╭──
(* Move the eigen pair of [commuting_eigen_pair] to the first basis vector on
   both sides: [y] by a unitary [R1], and [x] by [R2 R1] where [R2] maps [y]
   to [x] commuting with [D]. *)
Lemma commuting_first_block k (D M : 'M[C]_(1 + k)) :
  D^H = D -> D *m M = M *m D ->
  exists SP SQ : 'M[C]_(1 + k),
    [/\ SP^H *m SP = 1%:M, SQ^H *m SQ = 1%:M, SP^H *m D *m SP = SQ^H *m D *m SQ,
        exists c, SQ^H *m D *m SQ = block_mx c%:M 0 0 (drsubmx (SQ^H *m D *m SQ))
      & exists a, SP^H *m M *m SQ = block_mx a%:M 0 0 (drsubmx (SP^H *m M *m SQ))].
Proof.
move=> DH DM.
have [c [x [y [[xx yy Dx Dy] [[al Myx] [be MHxy]]]]]] :=
  commuting_eigen_pair (ltn0Sn k) DH DM.
have [R1 [R1U R1e _]] := unitary_transport yy (cdot_firstcol k).
have [R2 [R2U R2y R2D]] := unitary_transport xx yy.
have DR2 := R2D D c DH Dx Dy.
have SPU : (R2 *m R1)^H *m (R2 *m R1) = 1%:M.
  by rewrite adjmxM mulmxA -(mulmxA R1^H) R2U mulmx1 R1U.
have SPe : R2 *m R1 *m firstcol k = x by rewrite -mulmxA R1e R2y.
exists (R2 *m R1), R1; split => //.
- rewrite adjmxM -!mulmxA (mulmxA D R2) DR2 -(mulmxA R2).
  by rewrite (mulmxA R2^H) R2U mul1mx mulmxA.
- have D1H : (R1^H *m D *m R1)^H = R1^H *m D *m R1.
    by rewrite !adjmxM adjmxK DH mulmxA.
  have D1e : R1^H *m D *m R1 *m firstcol k = c *: firstcol k.
    by rewrite -!mulmxA R1e Dy -scalemxAr (unitary_adj_mulmx R1U R1e).
  exists c; apply: (block_firstcol D1e).
  by rewrite -{1}D1H -adjmxM D1e adjmxZ.
exists al; apply: (block_firstcol (b := be^*)).
  by rewrite -!mulmxA R1e Myx -scalemxAr -SPe mulmxA SPU mul1mx.
have THe : ((R2 *m R1)^H *m M *m R1)^H *m firstcol k = be *: firstcol k.
  rewrite !adjmxM !adjmxK -!mulmxA (mulmxA R2) SPe MHxy -scalemxAr.
  by rewrite (unitary_adj_mulmx R1U R1e).
by rewrite -[LHS]adjmxK adjmxM adjmxK THe adjmxZ.
Qed.

Lemma mxtrace_compress_row_mx n k1 k2 (X : 'M[C]_n) (a : 'M[C]_(n,k1))
    (b : 'M[C]_(n,k2)) :
  \tr ((row_mx a b)^H *m X *m row_mx a b) =
    \tr (a^H *m X *m a) + \tr (b^H *m X *m b).
Proof. by rewrite adjmx_row_mx mul_col_mx mul_col_row mxtrace_block. Qed.

Lemma mxtrace_compress_cvec n (X : 'M[C]_n) (u : 'cV[C]_n) :
  \tr (u^H *m X *m u) = cdot u (X *m u).
Proof. by rewrite trace_mx11 -mulmxA. Qed.

Lemma mxtrace_compress_unitary n k (X : 'M[C]_n) (F : 'M[C]_(n,k)) (S : 'M[C]_k) :
  S^H *m S = 1%:M -> \tr ((F *m S)^H *m X *m (F *m S)) = \tr (F^H *m X *m F).
Proof.
move/mulmx1C => SS; rewrite adjmxM -!mulmxA mxtrace_mulC -!mulmxA.
by rewrite !mulmxA -(mulmxA _ S) SS mulmx1.
Qed.

Lemma isometry_mulmx_unitary n k (F : 'M[C]_(n,k)) (S : 'M[C]_k) :
  F^H *m F = 1%:M -> S^H *m S = 1%:M -> (F *m S)^H *m (F *m S) = 1%:M.
Proof. by move=> FF SS; rewrite adjmxM mulmxA -(mulmxA S^H) FF mulmx1. Qed.

Lemma eigenframe_mulmx_unitary n k (Y : 'M[C]_n) (D : 'M[C]_k) (F : 'M[C]_(n,k))
    (S : 'M[C]_k) :
  S^H *m S = 1%:M -> Y *m F = F *m D -> Y *m (F *m S) = F *m S *m (S^H *m D *m S).
Proof.
move=> /mulmx1C SS YF.
by rewrite mulmxA YF !mulmxA -(mulmxA F S) SS mulmx1.
Qed.

Lemma eigenframe_row_mx n k (Y : 'M[C]_n) (a : 'cV[C]_n) (b : 'M[C]_(n,k)) c
    (D : 'M[C]_k) :
  Y *m row_mx a b = row_mx a b *m block_mx c%:M 0 0 D <->
  Y *m a = c *: a /\ Y *m b = b *m D.
Proof.
rewrite mul_mx_row mul_row_block !mulmx0 addr0 add0r mul_mx_scalar.
by split => [/eq_row_mx|[-> ->]].
Qed.

Lemma col_mulmx m k l (A : 'M[C]_(m,k)) (B : 'M[C]_(k,l)) j :
  col j (A *m B) = A *m col j B.
Proof. by rewrite !colE mulmxA. Qed.

Lemma adjmx_mulmx_col m k (A B : 'M[C]_(m,k)) i j :
  (A^H *m B) i j = cdot (col i A) (col j B).
Proof. by rewrite /cdot !mxE; apply: eq_bigr => l _; rewrite /adjmx !mxE. Qed.

Lemma mxtrace_compress_cols n k (X : 'M[C]_n) (A : 'M[C]_(n,k)) :
  \tr (A^H *m X *m A) = \sum_i cdot (col i A) (X *m col i A).
Proof. by apply: eq_bigr => i _; rewrite -mulmxA adjmx_mulmx_col col_mulmx. Qed.

Lemma eigen_cols_diag n k (Y : 'M[C]_n) (W : 'M[C]_(n,k)) (d : 'rV[C]_k) :
  (forall j, Y *m col j W = d 0 j *: col j W) <-> Y *m W = W *m diag_mx d.
Proof.
rewrite mul_mx_diag; split => [YW|YW j].
  apply/matrixP => i j; have /matrixP /(_ i 0) := YW j.
  by rewrite -col_mulmx !mxE mulrC.
by rewrite -col_mulmx YW; apply/matrixP => i l; rewrite !mxE mulrC.
Qed.

Lemma eigenframe_of_family n k (Y : 'M[C]_n) (lam : 'I_k -> C)
    (u : 'I_k -> 'cV[C]_n) :
  (forall i j, cdot (u i) (u j) = (i == j)%:R) ->
  (forall j, Y *m u j = lam j *: u j) ->
  exists U : 'M[C]_(n,k),
    [/\ U^H *m U = 1%:M, Y *m U = U *m diag_mx (\row_j lam j) &
    forall X, \tr (U^H *m X *m U) = \sum_j cdot (u j) (X *m u j)].
Proof.
move=> uu Yu; set U : 'M[C]_(n,k) := \matrix_(i, j) u j i 0.
have colU j : col j U = u j by apply/matrixP => i l; rewrite !mxE ord1.
exists U; split.
- by apply/matrixP => i j; rewrite adjmx_mulmx_col !colU uu mxE.
- by apply/eigen_cols_diag => j; rewrite colU mxE.
by move=> X; rewrite mxtrace_compress_cols; apply: eq_bigr => j _; rewrite colU.
Qed.

Section Interpolation.
Variables (n : nat) (X Y : 'M[C]_n).

Definition eigenframe_interpolation k := forall (D : 'M[C]_k) (P Q : 'M[C]_(n,k)) t,
  D^H = D -> P^H *m P = 1%:M -> Q^H *m Q = 1%:M ->
  Y *m P = P *m D -> Y *m Q = Q *m D -> 0 <= t <= 1 ->
  exists Z : 'M[C]_(n,k), [/\ Z^H *m Z = 1%:M, Y *m Z = Z *m D,
    \tr (Z^H *m X *m Z) = t * \tr (P^H *m X *m P) + (1 - t) * \tr (Q^H *m X *m Q) &
    exists A B, Z = P *m A + Q *m B].

Lemma eigenframe_interpolation0 : eigenframe_interpolation 0.
Proof.
move=> D P Q t _ PP _ YP _ _; exists P; split => //.
  by rewrite /mxtrace !big_ord0 !mulr0 addr0.
by exists 1%:M, 0; rewrite mulmx1 mulmx0 addr0.
Qed.

(* The zero off-diagonal blocks of the cross Gram matrix make the
   combination of [p] and [q] orthogonal to that of [P] and [Q]. *)
Lemma eigenframe_interpolation_block k c (D : 'M[C]_k) (p q : 'cV[C]_n)
    (P Q : 'M[C]_(n,k)) a (T : 'M[C]_k) t :
  eigenframe_interpolation k -> D^H = D ->
  (row_mx p P)^H *m row_mx p P = 1%:M -> (row_mx q Q)^H *m row_mx q Q = 1%:M ->
  Y *m row_mx p P = row_mx p P *m block_mx c%:M 0 0 D ->
  Y *m row_mx q Q = row_mx q Q *m block_mx c%:M 0 0 D ->
  (row_mx p P)^H *m row_mx q Q = block_mx a%:M 0 0 T -> 0 <= t <= 1 ->
  exists Z : 'M[C]_(n, 1 + k), [/\ Z^H *m Z = 1%:M,
    Y *m Z = Z *m block_mx c%:M 0 0 D,
    \tr (Z^H *m X *m Z) = t * \tr ((row_mx p P)^H *m X *m row_mx p P)
                          + (1 - t) * \tr ((row_mx q Q)^H *m X *m row_mx q Q) &
    exists A B, Z = row_mx p P *m A + row_mx q Q *m B].
Proof.
move=> IH DH; rewrite !adjmx_mul_row_mx (scalar_mx_block 1 k).
move=> /eq_block_mx [pp pP _ PP] /eq_block_mx [qq qQ _ QQ].
move=> /eigenframe_row_mx [Yp YP] /eigenframe_row_mx [Yq YQ].
move=> /eq_block_mx [_ pQ Pq _] t01.
have qP : q^H *m P = 0 by rewrite -[P]adjmxK -adjmxM Pq adjmx0.
have [Z' [Z'Z' YZ' trZ' [A [B Z'E]]]] := IH D P Q t DH PP QQ YP YQ t01.
have pp1 : cdot p p = 1 by rewrite /cdot pp mxE.
have qq1 : cdot q q = 1 by rewrite /cdot qq mxE.
have [a' [b' [zz zXz]]] := unit_pencil_interpolation X pp1 qq1 t01.
set z := a' *: p + b' *: q.
have zZ' : z^H *m Z' = 0.
  rewrite Z'E adjmxD !adjmxZ mulmxDl !mulmxDr -!scalemxAl !mulmxA.
  by rewrite pP pQ qP qQ !mul0mx !scaler0 !addr0.
exists (row_mx z Z'); split.
- rewrite adjmx_mul_row_mx zZ' Z'Z' cdot_mx11 zz.
  by rewrite -[Z'^H *m z]adjmxK adjmxM adjmxK zZ' adjmx0 -scalar_mx_block.
- apply/eigenframe_row_mx; split => //.
  rewrite mulmxDr -!scalemxAr Yp Yq !scalerA (mulrC a') (mulrC b').
  by rewrite -!scalerA scalerDr.
- rewrite !mxtrace_compress_row_mx trZ' !mxtrace_compress_cvec zXz; ring.
exists (block_mx a'%:M 0 0 A), (block_mx b'%:M 0 0 B).
rewrite !mul_row_block !mulmx0 !addr0 !add0r !mul_mx_scalar add_row_mx.
by rewrite Z'E.
Qed.

Hypothesis YH : Y^H = Y.

Lemma eigenframe_interpolationS k :
  eigenframe_interpolation k -> eigenframe_interpolation (1 + k).
Proof.
move=> IH D P Q t DH PP QQ YP YQ t01.
have DM : D *m (P^H *m Q) = P^H *m Q *m D.
  by rewrite mulmxA -{1}DH -adjmxM -YP adjmxM YH -mulmxA YQ mulmxA.
have [SP [SQ [SPU SQU D1E [c D1b] [a Tb]]]] := commuting_first_block DH DM.
set D1 := SQ^H *m D *m SQ in D1E D1b.
have D1H : D1^H = D1 by rewrite !adjmxM adjmxK DH mulmxA.
have D'H : (drsubmx D1)^H = drsubmx D1.
  by have := congr1 drsubmx D1H; rewrite {1}D1b adjmx_block block_mxKdr.
set P1 := P *m SP; set Q1 := Q *m SQ.
have YP1 : Y *m P1 = P1 *m D1 by rewrite (eigenframe_mulmx_unitary SPU YP) D1E.
have YQ1 : Y *m Q1 = Q1 *m D1 by rewrite (eigenframe_mulmx_unitary SQU YQ).
have T1b : P1^H *m Q1 = block_mx a%:M 0 0 (drsubmx (SP^H *m (P^H *m Q) *m SQ)).
  by rewrite adjmxM !mulmxA -(mulmxA _ P^H) -Tb.
rewrite D1b -[P1]hsubmxK -[Q1]hsubmxK in YP1 YQ1 T1b.
have [||Z1 [Z1Z1 YZ1 trZ1 [A [B Z1E]]]] :=
  eigenframe_interpolation_block IH D'H _ _ YP1 YQ1 T1b t01.
- by rewrite hsubmxK isometry_mulmx_unitary.
- by rewrite hsubmxK isometry_mulmx_unitary.
rewrite !hsubmxK -D1b in YZ1 trZ1 Z1E.
have SQU' : SQ^H^H *m SQ^H = 1%:M by rewrite adjmxK mulmx1C.
have D1D : SQ^H^H *m D1 *m SQ^H = D.
  by rewrite adjmxK /D1 !mulmxA (mulmx1C SQU) mul1mx -mulmxA
    (mulmx1C SQU) mulmx1.
exists (Z1 *m SQ^H); split.
- exact: isometry_mulmx_unitary Z1Z1 SQU'.
- by rewrite (eigenframe_mulmx_unitary SQU' YZ1) D1D.
- rewrite mxtrace_compress_unitary // trZ1.
  by rewrite !mxtrace_compress_unitary.
by exists (SP *m A *m SQ^H), (SQ *m B *m SQ^H); rewrite Z1E mulmxDl !mulmxA.
Qed.

Lemma eigenframes_interpolate k : eigenframe_interpolation k.
Proof.
elim: k => [|k IH]; first exact: eigenframe_interpolation0.
exact: eigenframe_interpolationS.
Qed.

End Interpolation.

End HermitianFrames.

Theorem lemma3p1 (C : numClosedFieldType) (n : nat) (X Y : 'M[C]_n)
    (lam : nat -> C) (r : nat) :
  psd Y -> sorted_eigenvalues Y lam -> (1 <= r)%N -> (r <= n)%N ->
  convex_set (Wset r X Y lam).
Proof.
move=> [YH _] _ _ _ z1 z2 t [u [uu [Yu ->]]] [v [vv [Yv ->]]] t01.
have [U [UU YU trU]] := eigenframe_of_family uu Yu.
have [V [VV YV trV]] := eigenframe_of_family vv Yv.
have dH : adjmx (diag_mx (\row_(j < r) lam j)) = diag_mx (\row_j lam j).
  apply: adjmx_diag_real => j; rewrite mxE.
  by apply: hermitian_eigenvalue_real YH (cdot1_neq0 _) (Yu j); rewrite uu eqxx.
have [Z [ZZ /eigen_cols_diag YZ trZ _]] :=
  eigenframes_interpolate X YH dH UU VV YU YV t01.
exists (fun j => col j Z); split; last split.
- by move=> i j; rewrite -adjmx_mulmx_col ZZ mxE.
- by move=> i; rewrite YZ mxE.
by rewrite -mxtrace_compress_cols trZ trU trV.
Qed.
╰──
• Your goal:
Working from the data above, extract solely the lines from the one containing "Proof. by move=>" through the one containing "move=> /mulmx1C SS YF.", exactly as they appear, both included.

• Your solution:
Proof. by move=> FF SS; rewrite adjmxM mulmxA -(mulmxA S^H) FF mulmx1. Qed.

Lemma eigenframe_mulmx_unitary n k (Y : 'M[C]_n) (D : 'M[C]_k) (F : 'M[C]_(n,k))
    (S : 'M[C]_k) :
  S^H *m S = 1%:M -> Y *m F = F *m D -> Y *m (F *m S) = F *m S *m (S^H *m D *m S).
Proof.
move=> /mulmx1C SS YF.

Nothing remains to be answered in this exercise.